*** Data shown ***

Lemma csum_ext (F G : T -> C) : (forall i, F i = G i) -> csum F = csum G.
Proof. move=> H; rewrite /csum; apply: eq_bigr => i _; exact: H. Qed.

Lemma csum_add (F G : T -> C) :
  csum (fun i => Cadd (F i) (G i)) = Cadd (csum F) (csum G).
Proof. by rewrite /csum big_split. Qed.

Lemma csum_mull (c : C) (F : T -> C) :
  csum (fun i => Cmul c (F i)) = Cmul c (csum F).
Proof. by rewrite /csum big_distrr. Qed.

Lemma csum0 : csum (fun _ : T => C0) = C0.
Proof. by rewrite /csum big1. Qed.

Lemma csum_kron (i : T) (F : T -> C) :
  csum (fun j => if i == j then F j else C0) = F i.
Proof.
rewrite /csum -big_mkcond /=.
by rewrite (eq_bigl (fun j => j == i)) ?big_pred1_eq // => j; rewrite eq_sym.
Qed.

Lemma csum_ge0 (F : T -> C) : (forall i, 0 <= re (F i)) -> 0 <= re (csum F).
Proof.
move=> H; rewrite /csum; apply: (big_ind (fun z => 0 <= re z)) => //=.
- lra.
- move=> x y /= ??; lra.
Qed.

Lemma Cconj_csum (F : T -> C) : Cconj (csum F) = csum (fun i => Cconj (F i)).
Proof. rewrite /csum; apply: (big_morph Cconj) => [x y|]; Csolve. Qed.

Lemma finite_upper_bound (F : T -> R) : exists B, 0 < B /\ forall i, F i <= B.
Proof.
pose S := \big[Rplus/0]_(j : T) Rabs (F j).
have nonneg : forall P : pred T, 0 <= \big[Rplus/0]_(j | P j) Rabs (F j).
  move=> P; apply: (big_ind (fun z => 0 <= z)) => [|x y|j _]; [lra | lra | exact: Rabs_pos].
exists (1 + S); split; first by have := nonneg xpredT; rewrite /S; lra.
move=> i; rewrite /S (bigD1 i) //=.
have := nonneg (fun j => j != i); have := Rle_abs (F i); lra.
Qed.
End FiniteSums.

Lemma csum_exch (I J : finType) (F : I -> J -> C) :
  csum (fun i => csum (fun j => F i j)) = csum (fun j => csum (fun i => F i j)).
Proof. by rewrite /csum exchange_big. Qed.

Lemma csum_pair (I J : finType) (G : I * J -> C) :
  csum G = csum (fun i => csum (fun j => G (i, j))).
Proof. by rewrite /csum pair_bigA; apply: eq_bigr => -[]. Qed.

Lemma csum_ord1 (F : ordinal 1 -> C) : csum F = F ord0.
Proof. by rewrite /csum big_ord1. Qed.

*** End of Data shown ***

Prompt - Of the lines above, extract only those from the line with "have nonneg : forall" to the line with "csum (fun i => csum (fun j => F", both included, exactly as written.

Result -
have nonneg : forall P : pred T, 0 <= \big[Rplus/0]_(j | P j) Rabs (F j).
  move=> P; apply: (big_ind (fun z => 0 <= z)) => [|x y|j _]; [lra | lra | exact: Rabs_pos].
exists (1 + S); split; first by have := nonneg xpredT; rewrite /S; lra.
move=> i; rewrite /S (bigD1 i) //=.
have := nonneg (fun j => j != i); have := Rle_abs (F i); lra.
Qed.
End FiniteSums.

Lemma csum_exch (I J : finType) (F : I -> J -> C) :
  csum (fun i => csum (fun j => F i j)) = csum (fun j => csum (fun i => F i j)).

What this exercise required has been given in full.